The so-called German Christian movement injected
Nazi ideology into Christianity, denying the Jewish
ancestry of Jesus, denigrating the Hebrew scriptures,
trying to create a Christianity that was Aryan,
German, manly, and anti-Jewish, said Bergen.
Within 10 years of its inception, the German
Christian movement controlled theological education
as well as regional church government, affecting all
Protestants, even members of the Confessing
Church, the group opposing the German Christian
movement. As for the Catholic clergy who might have
opposed the Nazis, the 1933 Concordat with the
Vatican pulled the rug out from under Catholic
political opposition, said Bergen.
A history of Christian anti-Jewishness laid the
groundwork for the virulent anti-Semitism of the Nazi
years, and the statistical and institutional presence
of Christians in the Third Reich was strong.
Not all Christians were Nazi perpetrators,
but all the perpetrators were in some sense
Christians, said Bergen. The question of
whether the Nazis were Christians is an important one
to consider in coming to a responsible understanding
of the past. She challenged her audience to
look at recent examples of genocidal
atrocitiesthose in Rwanda, for example
and examine the involvement of Christians in those
killings. These troubling issues are critical
for all people of faith.
An associate professor of history at Notre Dame,
Bergen teaches courses on modern Germany, European
history, European women's history, and the Holocaust.

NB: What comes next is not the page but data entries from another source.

(* Let $n\in\mathbb{N}$ and let $a=(\alpha_1,\dots,\alpha_n)$, $b=(\beta_1,\dots,\beta_n)\in\mathbb{R}^n$. Let $\mathcal{V}_a$ and $\mathcal{V}_b$ denote the convex hulls of the sets of all coordinate permutations of $a$ and of $b$, respectively, i.e. $\mathcal{V}_a=\mathrm{conv}\{(\alpha_{\pi(1)},\dots,\alpha_{\pi(n)}):\pi\in S_n\}$ and similarly for $b$. Then $\mathcal{V}_a\cap\mathcal{V}_b=\emptyset$ if and only if $\sum_{k=1}^n\alpha_k\neq\sum_{k=1}^n\beta_k$.
   Context: $S_n$ denotes the symmetric group on $\{1,\dots,n\}$. *)

From HB Require Import structures.
From mathcomp Require Import all_boot all_order all_algebra all_fingroup.
From mathcomp Require Import reals.
Set Implicit Arguments. Unset Strict Implicit. Unset Printing Implicit Defensive.
Import Order.TTheory GRing.Theory Num.Theory.
Local Open Scope ring_scope.

Definition perm_vec (R : realType) (n : nat) (a : 'rV[R]_n) (s : 'S_n) : 'rV[R]_n :=
  \row_(i < n) a 0 (s i).

Definition conv_hull (R : realType) (n : nat) (S : 'rV[R]_n -> Prop) : 'rV[R]_n -> Prop :=
  fun x => exists (m : nat) (v : 'I_m -> 'rV[R]_n) (l : 'I_m -> R),
    [/\ forall i, S (v i), forall i, 0 <= l i, \sum_(i < m) l i = 1
      & x = \sum_(i < m) l i *: v i].

Definition permutohedron (R : realType) (n : nat) (a : 'rV[R]_n) : 'rV[R]_n -> Prop :=
  conv_hull (fun x => exists s : 'S_n, x = perm_vec a s).

From HB Require Import structures.
From mathcomp Require Import all_boot all_order all_algebra all_fingroup.
From mathcomp Require Import reals.
Import Order.TTheory GRing.Theory Num.Theory.
Set Implicit Arguments. Unset Strict Implicit. Unset Printing Implicit Defensive.
Local Open Scope ring_scope.

(* Permuting coordinates preserves the coordinate sum, and the coordinate sum
   is linear, so it is constant on V_a; this gives one direction. Conversely,
   the barycenter of the permuted copies of a lies in V_a and is the constant
   vector with entries (sum_k a_k) / n, so it depends only on the sum of a:
   when the sums agree, it is a common point of V_a and V_b. *)

Lemma sum_perm_vec (R : realType) (n : nat) (a : 'rV[R]_n) (s : 'S_n) :
  \sum_(k < n) perm_vec a s 0 k = \sum_(k < n) a 0 k.
Proof.
under eq_bigr do rewrite mxE.
by rewrite (reindex_inj (@perm_inj _ s^-1)); apply: eq_bigr => i _; rewrite permKV.
Qed.

Lemma conv_hull_sum (R : realType) (n : nat) (S : 'rV[R]_n -> Prop) (c : R) x :
  (forall y, S y -> \sum_(k < n) y 0 k = c) ->
  conv_hull S x -> \sum_(k < n) x 0 k = c.
Proof.
move=> Sc [m [v [l [Sv _ l1 ->]]]].
under eq_bigr do rewrite summxE.
rewrite exchange_big -[RHS]mul1r -l1 mulr_suml; apply: eq_bigr => i _.
by rewrite -(Sc _ (Sv i)) mulr_sumr; apply: eq_bigr => k _; rewrite mxE.
Qed.

Lemma permutohedron_sum (R : realType) (n : nat) (a x : 'rV[R]_n) :
  permutohedron a x -> \sum_(k < n) x 0 k = \sum_(k < n) a 0 k.
Proof. by apply: conv_hull_sum => _ [s ->]; exact: sum_perm_vec. Qed.

Lemma conv_hull_mean (R : realType) (n : nat) (T : finType) (f : T -> 'rV[R]_n) :
  (0 < #|T|)%N ->
  conv_hull (fun x => exists t, x = f t) (#|T|%:R^-1 *: \sum_t f t).
Proof.
move=> T_gt0; exists #|T|, (fun i => f (enum_val i)), (fun=> #|T|%:R^-1); split.
- by move=> i; exists (enum_val i).
- by move=> _; rewrite invr_ge0 ler0n.
- by rewrite sumr_const card_ord -[_ *+ _]mulr_natr mulVf // pnatr_eq0 -lt0n.
- rewrite scaler_sumr -(big_enum_val (A := T) (fun t => #|T|%:R^-1 *: f t)).
  by apply: eq_bigl => t; rewrite inE.
Qed.

Definition perm_mean (R : realType) (n : nat) (a : 'rV[R]_n) : 'rV[R]_n :=
  #|{perm 'I_n}|%:R^-1 *: \sum_(s : 'S_n) perm_vec a s.

Lemma perm_mean_in_permutohedron (R : realType) (n : nat) (a : 'rV[R]_n) :
  permutohedron a (perm_mean a).
Proof. by apply: conv_hull_mean; apply/card_gt0P; exists 1%g. Qed.

(* Composing with a transposition moves the sum over s of a (s j) to that of a (s k). *)
Lemma perm_mean_const (R : realType) (n : nat) (a : 'rV[R]_n) (j k : 'I_n) :
  perm_mean a 0 j = perm_mean a 0 k.
Proof.
rewrite !mxE !summxE; congr (_ * _).
rewrite (reindex_inj (@mulgI _ (tperm k j))).
by apply: eq_bigr => s _; rewrite !mxE permM tpermR.
Qed.

Lemma perm_mean_coord (R : realType) (n : nat) (a : 'rV[R]_n) (k : 'I_n) :
  n%:R * perm_mean a 0 k = \sum_(j < n) a 0 j.
Proof.
rewrite -(permutohedron_sum (perm_mean_in_permutohedron a)).
under [RHS]eq_bigr do rewrite (perm_mean_const a _ k).
by rewrite sumr_const card_ord mulr_natl.
Qed.

Lemma perm_mean_eq (R : realType) (n : nat) (a b : 'rV[R]_n) :
  \sum_(k < n) a 0 k = \sum_(k < n) b 0 k -> perm_mean a = perm_mean b.
Proof.
move=> sum_ab; apply/matrixP => i k; rewrite (ord1 i).
have n_neq0 : (n%:R : R) != 0 by rewrite pnatr_eq0 -lt0n (leq_ltn_trans _ (ltn_ord k)).
by apply: (mulfI n_neq0); rewrite !perm_mean_coord.
Qed.

Theorem proposition1 (R : realType) (n : nat) (a b : 'rV[R]_n) :
  (~ exists x, permutohedron a x /\ permutohedron b x) <->
  \sum_(k < n) a 0 k != \sum_(k < n) b 0 k.
Proof.
split=> [disjoint_ab | sum_ab [x [ax bx]]].
- apply/eqP => sum_ab; apply: disjoint_ab; exists (perm_mean a).
  split; first exact: perm_mean_in_permutohedron.
  rewrite (perm_mean_eq sum_ab); exact: perm_mean_in_permutohedron.
- by move: sum_ab; rewrite -(permutohedron_sum ax) -(permutohedron_sum bx) eqxx.
Qed.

She is the author of Twisted Cross: The German
Christian Movement in the Third Reich, published
by the University of North Carolina Press in 1996,
and has also written numerous articles and essays on
issues related to religion, ethnicity, and gender in
the Nazi era in Europe.
Bergen is presently completing a study of German
military chaplains in World War II. She is also
working on a short textbook entitled Race and
Space: Nazism, War, and the Holocaust as
well as on a project about the ethnic German
communities of eastern Europe and their roles in the
Second World War.
Bergen earned her B.A. degree at the University of
Saskatchewan, Canada, and her M.A. degree at the
University of Alberta, also in Canada, and received
the Ph.D. from the University of North Carolina at
Chapel Hill in 1991. She has taught at the University
of Vermont and has lectured in the United States and
Europe. She is a member of the academic advisory
board of the Center for Advanced Holocaust Studies at
the U.S. Holocaust Memorial Museum in Washington,
D.C., and recently received a grant from the German
Marshall Fund of the United States.
The Joseph T. Stukes Lecture Series brings a
distinguished lecturer in history to Erskine College
each year. This fund was established by students and
colleagues of Dr. Stukes, who served as Professor of
History (1966-74) and Vice President for Academic
Affairs (1966-71) at Erskine College.
Erskine College was founded by the Associate
Reformed Presbyterian Church in 1839 and has been
dedicated to Christian Commitment and
Excellence in Learning for 160 years.